Thrombotic microangiopathy versus class IV lupus nephritis in systemic lupus erythematosus

Background Kidney involvement is common in patients with systemic lupus erythematosus (SLE). This study investigates the clinical and prognostic characteristics of thrombotic microangiopathy (TMA) compared to class IV lupus nephritis in SLE patients. Methods A retrospective review of patients who underwent kidney biopsy, with a primary diagnosis of SLE and TMA between June 2006 and September 2018 was conducted. Those patients were subsequently compared to patients with class IV lupus nephritis between January 2018 and December 2018. Demographics, laboratory, and serological data at the time of biopsy were abstracted. Results Among 214 SLE patients records screened, 27 were included in the final analysis. Eight patients had lupus-related TMA without evidence of active lupus nephritis, while 19 patients had class IV lupus nephritis without evidence of TMA. TMA patients had significantly higher lactate dehydrogenase levels (718 ± 499 vs. 264 ± 107.7 U/L, p = 0.009), serum C3 (100.6 ± 39.3 vs. 65.8 ± 27 mg/dL, p = 0.049), white blood cell count (14743.8 ± 7933.3 vs. 5807.9 ± 2053.2 × 10E3/uL, p < 0.001), and total bilirubin (0.8 ± 0.5 vs. 0.3 ± 0.1 mg/dL, p = 0.007) in addition to significantly lower platelet counts (158.4 ± 88.6 vs. 240.3 ± 100.3 × 10E3/uL, p = 0.03), and haptoglobin (68.8 ± 116.1 vs. 166.8 ± 95.4 mg/dL, p = 0.03).

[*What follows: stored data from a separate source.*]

Let env_x_cvg : (fun k => env (x k)) @ \oo --> F%:E.
Proof. exact: cvg_EFin_eq eE env_cvg. Qed.

Let cluster_values z : cluster_pt x z -> phi z = F%:E /\ env z = F%:E.
Proof.
move=> xz; have env_le_phi_z := env_le_phi p_gt0 z (gamma := gamma) (phi := phi).
have phi_le : (phi z <= F%:E)%E.
  have [s [s_incr ybar_z]] := (cluster_pt_close ybar_cvg0).1 xz.
  apply: (lsc_cvg_le phi_lsc (enorm_cvg ybar_z)).
  exact: cvg_EFin_eq (fun k => phi_ybar (s k)) (cvg_subseq s_incr phi_ybar_cvg).
have F_le : (F%:E <= env z)%E.
  have [s [s_incr x_z]] := xz.
  apply: (env_cvg_le p_gt0 gamma_gt0 phi_ge phi_fin x_z).
  exact: cvg_EFin_eq (fun k => eE (s k)) (cvg_subseq s_incr env_cvg).
split; apply/le_anti/andP; split.
- exact: phi_le.
- exact: le_trans F_le env_le_phi_z.
- exact: le_trans env_le_phi_z phi_le.
- exact: F_le.
Qed.

Let env_ybar_cvg : (fun k => env (ybar k)) @ \oo --> F%:E.
Proof.
apply: (cvg_EFin_eq (fun k => esym (fineK (env_fin (ybar k))))).
apply/cvgrPdist_le => eta eta_gt0.
have lower := env_near_ge p_gt0 gamma_gt0 phi_ge phi_fin ybar_cvg0 env_x_cvg _ eta_gt0.
have upper : \forall k \near \oo, e k - c * q k `^ p <= F + eta.
  by apply: cvgr_le phi_ybar_cvg _ _; rewrite ltrDl.
apply: filterS (filterI lower upper) => k [lo up].
have := env_le_phi p_gt0 (ybar k) (gamma := gamma) (phi := phi).
rewrite phi_ybar; move: lo.
move: (env (ybar k)) (env_fin (ybar k)); case=> // E _; rewrite !lee_fin => lo hi.
rewrite /= ler_distl; move: lo hi up; move: (e k - _) => ? ? ? ?; lra.
Qed.

Lemma boosted_hippa_asymptotics :
  (cvgn (series (fun k => (enorm (x k - xbar k)) `^ p)) /\
   (fun k => enorm (x k - xbar k)) @ \oo --> 0) /\
  ((forall z, (cluster_pt x z <-> cluster_pt xbar z) /\
              (cluster_pt x z <-> cluster_pt ybar z)) /\
   (forall z, cluster_pt x z -> prox p gamma phi z z)) /\
  (exists F : R,
     [/\ (fun k => env (x k)) @ \oo --> F%:E,
         (fun k => phi (ybar k)) @ \oo --> F%:E,
         (fun k => approx_env k (x k)) @ \oo --> F%:E &
         (fun k => phi (xbar k)) @ \oo --> F%:E] /\
     (forall z, cluster_pt x z -> phi z = F%:E /\ env z = F%:E) /\
         ((exists M : R, forall k, enorm (x k) <= M) ->
            (fun k => env (ybar k)) @ \oo --> F%:E)) /\
  (forall z1 z2, cluster_pt x z1 -> cluster_pt x z2 ->
     phi z1 = phi z2 /\ env z1 = env z2).
Proof.
split; first exact: (conj residual_series_cvg.1 residual_cvg0).
split.
  split=> z.
    exact: conj (cluster_pt_close residual_cvg0) (cluster_pt_close ybar_cvg0).
  case/cluster_values => phi_z env_z.
  by apply: prox_fixed_point p_gt0 _ _; rewrite phi_z env_z.
split.
  exists F; split; first split.
  - exact: env_x_cvg.
  - exact: cvg_EFin_eq phi_ybar phi_ybar_cvg.
  - exact: cvg_EFin_eq aE approx_env_cvg.
  - exact: cvg_EFin_eq phi_xbar phi_xbar_cvg.
  split; first exact: cluster_values.
  by move=> _; exact: env_ybar_cvg.
move=> z1 z2 /cluster_values[phi_z1 env_z1] /cluster_values[phi_z2 env_z2].
by rewrite phi_z1 phi_z2 env_z1 env_z2.
Qed.

End boosted_hippa.

Theorem theorem10 (R : realType) (n : nat) (p gamma sigma theta : R)
  (phi : 'rV[R]_n -> \bar R) (eps delta : nat -> R)
  (P : nat -> 'rV[R]_n -> 'rV[R]_n)
  (x xbar d ybar : nat -> 'rV[R]_n) :
  1 < p ->
  proper_fun phi -> lower_semicontinuous phi -> bounded_below phi ->
  0 < gamma ->
  0 < sigma -> sigma < (p * gamma)^-1 ->
  0 < theta -> theta < 1 ->
  (forall k, 0 < eps k) -> (forall k, eps k.+1 <= eps k) ->
  cvgn (series eps) ->
  (forall k, 0 < delta k) -> (forall k, delta k.+1 <= delta k) ->
  delta @ \oo --> 0 ->
  prox_oracle p gamma phi eps delta P ->
  (* Boosted HiPPA iterations *)
  (forall k, xbar k = P k (x k)) ->
  (forall k, exists m : nat,
      [/\ x k.+1 = (1 - theta ^+ m) *: xbar k + theta ^+ m *: (x k + d k),
          descent_test p gamma sigma phi eps P k (x k) (x k.+1) &
          forall m' : nat, (m' < m)%N ->
            ~ descent_test p gamma sigma phi eps P k (x k)
                ((1 - theta ^+ m') *: xbar k + theta ^+ m' *: (x k + d k))]) ->
  (* ybar k is a nearest point of prox(x k) to xbar k *)
  (forall k, prox p gamma phi (x k) (ybar k)) ->
  (forall k y, prox p gamma phi (x k) y ->
      enorm (xbar k - ybar k) <= enorm (xbar k - y)) ->
  (* (a) *)
  (cvgn (series (fun k => (enorm (x k - xbar k)) `^ p)) /\
   (fun k => enorm (x k - xbar k)) @ \oo --> 0) /\
  (* (b) *)
  ((forall z, (cluster_pt x z <-> cluster_pt xbar z) /\
              (cluster_pt x z <-> cluster_pt ybar z)) /\
   (forall z, cluster_pt x z -> prox p gamma phi z z)) /\
  (* (c) *)
  (exists F : R,
     [/\ (fun k => env p gamma phi (x k)) @ \oo --> F%:E,
         (fun k => phi (ybar k)) @ \oo --> F%:E,
         (fun k => approx_env p gamma phi P k (x k)) @ \oo --> F%:E &
         (fun k => phi (xbar k)) @ \oo --> F%:E] /\
     (forall z, cluster_pt x z -> phi z = F%:E /\ env p gamma phi z = F%:E) /\
         ((exists M : R, forall k, enorm (x k) <= M) ->
            (fun k => env p gamma phi (ybar k)) @ \oo --> F%:E)) /\
  (* (d) *)
  (forall z1 z2, cluster_pt x z1 -> cluster_pt x z2 ->
     phi z1 = phi z2 /\ env p gamma phi z1 = env p gamma phi z2).
Proof.
move=> p_gt1 [phi_fin _] phi_lsc [m phi_ge] gamma_gt0 sigma_gt0 _ _ _ eps_gt0 eps_noninc eps_sum
  _ _ delta_cvg0 oracle xbarE line_search ybar_prox ybar_nearest.
have descent k : descent_test p gamma sigma phi eps P k (x k) (x k.+1).
  by have [? []] := line_search k.
exact: (boosted_hippa_asymptotics (lt_trans ltr01 p_gt1) gamma_gt0 sigma_gt0 phi_ge phi_fin
  phi_lsc eps_gt0 eps_noninc eps_sum delta_cvg0 oracle xbarE descent ybar_prox ybar_nearest).
Qed.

After a median follow-up time of 53 weeks, 3 patients with TMA were dialysis-dependent (37.5%), compared with none in class IV lupus nephritis patients (p = 0.002). Conclusions TMA-associated SLE has worse prognosis compared to class IV lupus nephritis. An array of laboratory and pathological findings may be of value in discriminating between those two entities.